What you are asked to do: In which lines of the data does the string "realType" appear? Copy every one.

▽

(* Let $A$ be a synaptic algebra and $p,q\in P$. With $r_p:=p\wedge(p^{\perp}\vee q)\wedge(p^{\perp}\vee q^{\perp})$, $r_{p^{\perp}}:=p^{\perp}\wedge(p\vee q)\wedge(p\vee q^{\perp})$, $r_q:=q\wedge(p\vee q^{\perp})\wedge(p^{\perp}\vee q^{\perp})$, $r_{q^{\perp}}:=q^{\perp}\wedge(p\vee q)\wedge(p^{\perp}\vee q)$ and $[p,q]:=(p\vee q)\wedge(p\vee q^{\perp})\wedge(p^{\perp}\vee q)\wedge(p^{\perp}\vee q^{\perp})$: (i) $r_p\perp r_{p^{\perp}}$ and $r_q\perp r_{q^{\perp}}$; (ii) $1=(p\wedge q)\oplus(p\wedge q^{\perp})\oplus(p^{\perp}\wedge q)\oplus(p^{\perp}\wedge q^{\perp})\oplus r_p\oplus r_{p^{\perp}}=[p,q]^{\perp}\oplus r_p\oplus r_{p^{\perp}}$; (iii) $1=(p\wedge q)\oplus(p\wedge q^{\perp})\oplus(p^{\perp}\wedge q)\oplus(p^{\perp}\wedge q^{\perp})\oplus r_q\oplus r_{q^{\perp}}=[p,q]^{\perp}\oplus r_q\oplus r_{q^{\perp}}$; (iv) $r_p\oplus r_{p^{\perp}}=r_q\oplus r_{q^{\perp}}=[p,q]$.
   Context: Synaptic algebra (Foulis): $R$ is a real linear associative algebra with unit $1$, and $A\subseteq R$ is a real linear subspace with $1\in A$. For $a,b\in A$ write $aCb$ iff $ab=ba$; $C(a):=\{b\in A: aCb\}$; $CC(a):=\{b\in A: bCd \text{ for all } d\in C(a)\}$. $A$ is a synaptic algebra with enveloping algebra $R$ iff: (SA1) $A$ is a partially ordered archimedean real linear space with positive cone $A^+$, $1$ is an order unit, $\|\cdot\|$ the order-unit norm; (SA2) $a\in A\Rightarrow a^2\in A^+$; (SA3) $a,b\in A^+\Rightarrow aba\in A^+$; (SA4) if $a\in A$, $b\in A^+$, $aba=0$ then $ab=ba=0$; (SA5) if $a\in A^+$ there is $b\in A^+\cap CC(a)$ with $b^2=a$; (SA6) for $a\in A$ there is $p=p^2\in A$ with $ab=0\Leftrightarrow pb=0$ for all $b\in A$; (SA7) if $1\le a$ there is $b\in A$ with $ab=ba=1$; (SA8) if $a,b\in A$, $a_1\le a_2\le\cdots$ are pairwise commuting elements of $C(b)$ with $\|a-a_n\|\to0$, then $a\in C(b)$. $A$ is nondegenerate. $P:=\{p\in A:p=p^2\}$ with the order inherited from $A$ is an orthomodular lattice with orthocomplement $p^{\perp}:=1-p$, meet $\wedge$, join $\vee$. $p\perp q$ means $p\le q^{\perp}$; for pairwise orthogonal projections the orthosum $\oplus$ is their sum. *)

From HB Require Import structures.
From mathcomp Require Import all_boot all_order all_algebra.
From mathcomp Require Import boolp classical_sets reals.
Set Implicit Arguments. Unset Strict Implicit. Unset Printing Implicit Defensive.
Import Order.TTheory GRing.Theory Num.Theory.
Local Open Scope ring_scope.
Local Open Scope classical_set_scope.

Section Synaptic.
Variables (K : realType) (R : algType K).
(* A : the carrier subspace of the enveloping algebra R;
   Apos : the positive cone A^+ *)
Variables (A Apos : set R).

Definition Ale (a b : R) : Prop := Apos (b - a).

Definition Comm (a : R) : set R := [set b | A b /\ a * b = b * a].
Definition DComm (a : R) : set R :=
  [set b | A b /\ forall d, Comm a d -> b * d = d * b].

Definition ounorm (a : R) : K :=
  inf [set l : K | 0 <= l /\ Ale (- (l *: 1)) a /\ Ale a (l *: 1)].

Record synaptic_algebra : Prop := {
  sa_sub0 : A 0;
  sa_sub1 : A 1;
  sa_subD : forall a b, A a -> A b -> A (a + b);
  sa_subZ : forall (l : K) a, A a -> A (l *: a);
  sa_pos_sub : forall a, Apos a -> A a;
  sa_pos0 : Apos 0;
  sa_posD : forall a b, Apos a -> Apos b -> Apos (a + b);
  sa_posZ : forall (l : K) a, 0 <= l -> Apos a -> Apos (l *: a);
  sa_pos_anti : forall a, Apos a -> Apos (- a) -> a = 0;
  sa_archi : forall a b, A a -> A b ->
    (forall n : nat, Ale (n%:R *: a) b) -> Ale a 0;
  sa_unit : forall a, A a -> exists l : K, Ale (- (l *: 1)) a /\ Ale a (l *: 1);
  sa2 : forall a, A a -> Apos (a * a);
  sa3 : forall a b, Apos a -> Apos b -> Apos (a * b * a);
  sa4 : forall a b, A a -> Apos b -> a * b * a = 0 -> a * b = 0 /\ b * a = 0;
  sa5 : forall a, Apos a -> exists b, Apos b /\ DComm a b /\ b * b = a;
  sa6 : forall a, A a -> exists p, A p /\ p * p = p /\
          (forall b, A b -> (a * b = 0 <-> p * b = 0));
  sa7 : forall a, A a -> Ale 1 a -> exists b, A b /\ a * b = 1 /\ b * a = 1;
  sa8 : forall a b (s : nat -> R), A a -> A b ->
    (forall n, Comm b (s n)) ->
    (forall m n, s m * s n = s n * s m) ->
    (forall n, Ale (s n) (s n.+1)) ->
    (forall e : K, 0 < e -> exists N, forall n, (N <= n)%N -> ounorm (a - s n) < e) ->
    Comm b a;
  sa_nondeg : (1 : R) <> 0
}.

Definition proj (p : R) : Prop := A p /\ p * p = p.

Definition pperp (p : R) : R := 1 - p.
Definition porth (p q : R) : Prop := Ale p (pperp q).

Definition is_pmeet (p q m : R) : Prop :=
  proj m /\ Ale m p /\ Ale m q /\
  forall x, proj x -> Ale x p -> Ale x q -> Ale x m.
Definition is_pjoin (p q j : R) : Prop :=
  proj j /\ Ale p j /\ Ale q j /\
  forall x, proj x -> Ale p x -> Ale q x -> Ale j x.
Definition pmeet (p q : R) : R := xget 0 (is_pmeet p q).
Definition pjoin (p q : R) : R := xget 0 (is_pjoin p q).

End Synaptic.

From mathcomp Require Import all_boot all_algebra.
From mathcomp Require Import boolp classical_sets reals.
Import GRing.Theory.
Set Implicit Arguments. Unset Strict Implicit.
Local Open Scope ring_scope.

(* For projections, e <= f means e f = e and e _|_ f means e f = 0.  Joins exist
   as the carrier projection of e + f (SA6), and meets by complementation.
   Writing x' = 1 - x, the four corners a1 = p /\ q, a2 = p /\ q', a3 = p' /\ q,
   a4 = p' /\ q' are pairwise orthogonal and each join occurring in [p,q] is the
   complement of one of them, so [p,q] = 1 - (a1 + a2 + a3 + a4).  Removing the
   two corners below p from p gives r_p = p - (a1 + a2), and likewise
   r_p' = p' - (a3 + a4), whence r_p + r_p' = [p,q]; the same holds for q.
   Every orthogonality claim then follows from one observation: positive
   elements summing to 1 are pairwise orthogonal, because x _|_ y means that
   1 - x - y, the sum of the others, is positive. *)

Section SynapticProjections.
Variables (K : realType) (R : algType K) (A Apos : set R).
Hypothesis HA : synaptic_algebra A Apos.

Local Notation "x <=A y" := (Ale Apos x y) (at level 70).
Local Notation "x ⟂ y" := (porth Apos x y) (at level 70).
Local Notation proj := (proj A).
Local Notation meet := (pmeet A Apos).
Local Notation join := (pjoin A Apos).

Lemma pperpK e : pperp (pperp e) = e :> R.
Proof. by rewrite /pperp subKr. Qed.

Lemma Ale_refl x : x <=A x.
Proof. by rewrite /Ale subrr; exact: sa_pos0 HA. Qed.

Lemma Ale_trans x y z : x <=A y -> y <=A z -> x <=A z.
Proof. by rewrite /Ale => xy yz; have := sa_posD HA yz xy; rewrite addrA subrK. Qed.

Lemma Ale_anti x y : x <=A y -> y <=A x -> x = y.
Proof. by move=> xy yx; apply/esym/subr0_eq/(sa_pos_anti HA); rewrite ?opprB. Qed.

Lemma Ale_addr x y : Apos y -> x <=A x + y.
Proof. by rewrite /Ale addrAC subrr add0r. Qed.

Lemma Ale_pperp x y : x <=A y -> pperp y <=A pperp x.
Proof. by rewrite /Ale /pperp => xy; rewrite opprB addrC addrA subrK. Qed.

Lemma porth_sym x y : x ⟂ y -> y ⟂ x.
Proof. by move/Ale_pperp; rewrite pperpK. Qed.

Lemma porth_of_le_pperp x y e : x <=A e -> y <=A pperp e -> x ⟂ y.
Proof. by move=> xe /Ale_pperp; rewrite pperpK; exact: Ale_trans. Qed.

Lemma pos_add_eq0 x y : Apos x -> Apos y -> x + y = 0 -> x = 0.
Proof. by move=> Px Py /addr0_eq xE; apply: (sa_pos_anti HA); rewrite ?xE. Qed.

Lemma sa_subB a b : A a -> A b -> A (a - b).
Proof.
by move=> Aa Ab; apply: (sa_subD HA Aa); rewrite -scaleN1r; exact: (sa_subZ HA).
Qed.

Lemma proj_pperp e : proj e -> proj (pperp e).
Proof.
move=> [Ae ee]; split; first exact: sa_subB (sa_sub1 HA) Ae.
by rewrite /pperp mulrBl mul1r mulrBr mulr1 ee subrr subr0.
Qed.

Lemma proj_pos e : proj e -> Apos e.
Proof. by move=> [Ae ee]; rewrite -ee; exact: (sa2 HA). Qed.

Lemma proj_mulC_id e f : proj e -> proj f -> e * f = e -> f * e = e.
Proof.
move=> pe pf ef.
have ef' : e * pperp f = 0 by rewrite /pperp mulrBr mulr1 ef subrr.
have : pperp f * e * pperp f = 0 by rewrite -mulrA ef' mulr0.
case/(sa4 HA (proj_pperp pf).1 (proj_pos pe)) => f'e _.
by apply/esym/subr0_eq; rewrite -f'e /pperp mulrBl mul1r.
Qed.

△

Solution to this task:
Variables (K : realType) (R : algType K).
Variables (K : realType) (R : algType K) (A Apos : set R).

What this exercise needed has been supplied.